Nebi (s.a.v.)’e îmân etmek, getirmiş olduğu hususları kabullenip kendisini tasdîk etmek zorunlu olduğu için ona itaat etmek zorunlu olur. Çünkü, Resûlullah (s.a.v.)’e itaat etmek, getirmiş olduğu hususların tümüne itaat etmek demektir. Allâhü Te’âlâ buyuruyor ki:
“Ey mü’minler! Allâh’a ve Resûlü’ne itaat edin, (Kur’ân’ı ve öğütlerini) dinlediğiniz hâlde, peygamberin emirlerine yüz çevirmeyin.” (Enfâl s. 20)
“Yine de ki: Allâh’a ve peygambere itaat edin. Eğer yüz çevirirlerse, şüphesiz Allâh kâfirleri sevmez.” (Ali İmrân s. 32)
“Biz her peygamberi, ancak Allâh’ın izniyle kendisine itaat olunmak için gönderdik.” (Ali İmrân s. 132)
Âyetlerde Allâhü Te’âlâ; peygamberine itaati, kendisine olan itaat gibi saydı. Resûlü (s.a.v.)’e olan itaat ile kendisine olan itaati birbirine yakın kıldı. Bu itaat için bitmez tükenmez sevaplar va’detti. Allâh (c.c.) Resûlü’ne (s.a.v.) itaat etmeyenlere ise, en kötü ve çetin azâb vereceğini beyan buyurdu. Resûlü (s.a.v.)’in emirlerini yerine getirmeyi, yasaklarından kaçınmayı Allâh (c.c.), kullarına vâcib kıldı.

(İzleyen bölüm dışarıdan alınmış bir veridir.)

(* Let $b_1<\dots<b_n$ be the black and $w_1<\dots<w_n$ the white nodes of $\mathbf N=\{1,\dots,2n\}$, and for black $i$, white $j$ let $\epsilon_{i,j}=(-1)^{[i>j]}\,\mathrm{sign}(i,j)\in\{\pm1\}$, where $(-1)^{[i>j]}$ is $-1$ if $i>j$ and $1$ otherwise (these are the signs of the entries of $M=[(-1)^{[i>j]}\mathrm{sign}(i,j)Y_{i,j}]^{i=b_1..b_n}_{j=w_1..w_n}$). Then: (a) if there is no couple of consecutive white nodes $(m,m+1)$ with $b_a<m<m+1<b_{a+1}$, then $\epsilon_{b_{a+1},w}=-\epsilon_{b_a,w}$ for every white $w$; symmetrically, if there is no couple of consecutive black nodes strictly between $w_c$ and $w_{c+1}$, then $\epsilon_{b,w_{c+1}}=-\epsilon_{b,w_c}$ for every black $b$ (so $M$ is a block matrix whose blocks have checkerboard sign pattern). (b) There exist $r_1,\dots,r_n,c_1,\dots,c_n\in\{\pm1\}$ with $r_a c_d\,\epsilon_{b_a,w_d}=(-1)^{a+d}$ for all $a,d$; if $t$ denotes the number of $-1$'s among the $r_a$ and $c_d$ (whose parity is independent of the choice), then $$(-1)^t=\mathrm{sign}_c(\mathbf N)\,(-1)^{\sum_{i=1}^{2k}\lfloor n_i/2\rfloor}\ \text{ if node 1 is black},\qquad (-1)^t=(-1)^n\,\mathrm{sign}_c(\mathbf N)\,(-1)^{\sum_{i=1}^{2k}\lfloor n_i/2\rfloor}\ \text{ if node 1 is white}.$$
   Context: Nodes $1,\dots,2n$ arranged counterclockwise, each colored black or white, $n$ of each. A couple of consecutive nodes of the same color is $(m,m+1)$, $m\in\{1,\dots,2n\}$, indices mod $2n$ (so $(2n,1)$ allowed), with $m,m+1$ same color; list all couples as $(n_1,n_1+1),\dots,(n_{2k},n_{2k}+1)$ with $n_1<\dots<n_{2k}$; the black couples have first elements $s_1<\dots<s_k$ and the white couples $u_1<\dots<u_k$. For black $i$, white $j$: $a_{i,j}$ = number of $m$ with $\min(i,j)\le m<m+1\le\max(i,j)$, $m,m+1$ same color; $\mathrm{sign}(i,j)=(-1)^{(|i-j|+a_{i,j}-1)/2}$. If node 1 is black let $\varphi(u_i)=2i-1,\varphi(s_i)=2i$; if white let $\varphi(s_i)=2i-1,\varphi(u_i)=2i$; $\mathrm{sign}_c(\mathbf N)$ = sign of the permutation $(\varphi(n_1),\dots,\varphi(n_{2k}))$, and $1$ if $k=0$. *)

(* Nodes are the naturals 1..2n; a coloring is col : nat -> bool,
   true = black, false = white (only values on 1..2n matter). *)
From mathcomp Require Import all_boot all_order all_algebra.
Set Implicit Arguments. Unset Strict Implicit. Unset Printing Implicit Defensive.
Import GRing.Theory Num.Theory.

Peygamber (s.a.v.)’e itaat etmek, O’nun sünnetini yerine getirmeyi, O’nun getirmiş olduğu hususları kabullenip boyun eğmeyi gerektirir. Allâh (c.c.) hiçbir peygamber göndermedi ki, ümmetlerinin kendilerine itaat etmesini zorunlu kılmasın. Peygamber (s.a.v.)’in sünnetini yerine getirerek, O’na itaat eden kimse, Allâh (c.c.)’ın farzlarını da yerine getirip Allâh (c.c.)’ya itaat eder.
Ebû Hureyre (r.a.)’den rivâyetle: Resûlüllah (s.a.v.) buyurdu:
“Bana kim itaat ederse, o Allâh’a itaat etmiş olur. Kim bana isyan ederse, Allâh’a isyan etmiş olur. Benim emîrime (görevlime) itaat eden, bana itaat etmiş, emîrlerime (görevlilerime) isyan eden de bana isyan etmiş olur.” Öyle ise Resûlullah (s.a.v.)’a itaat etmek, Allâh (c.c.)’a itaat etmektir.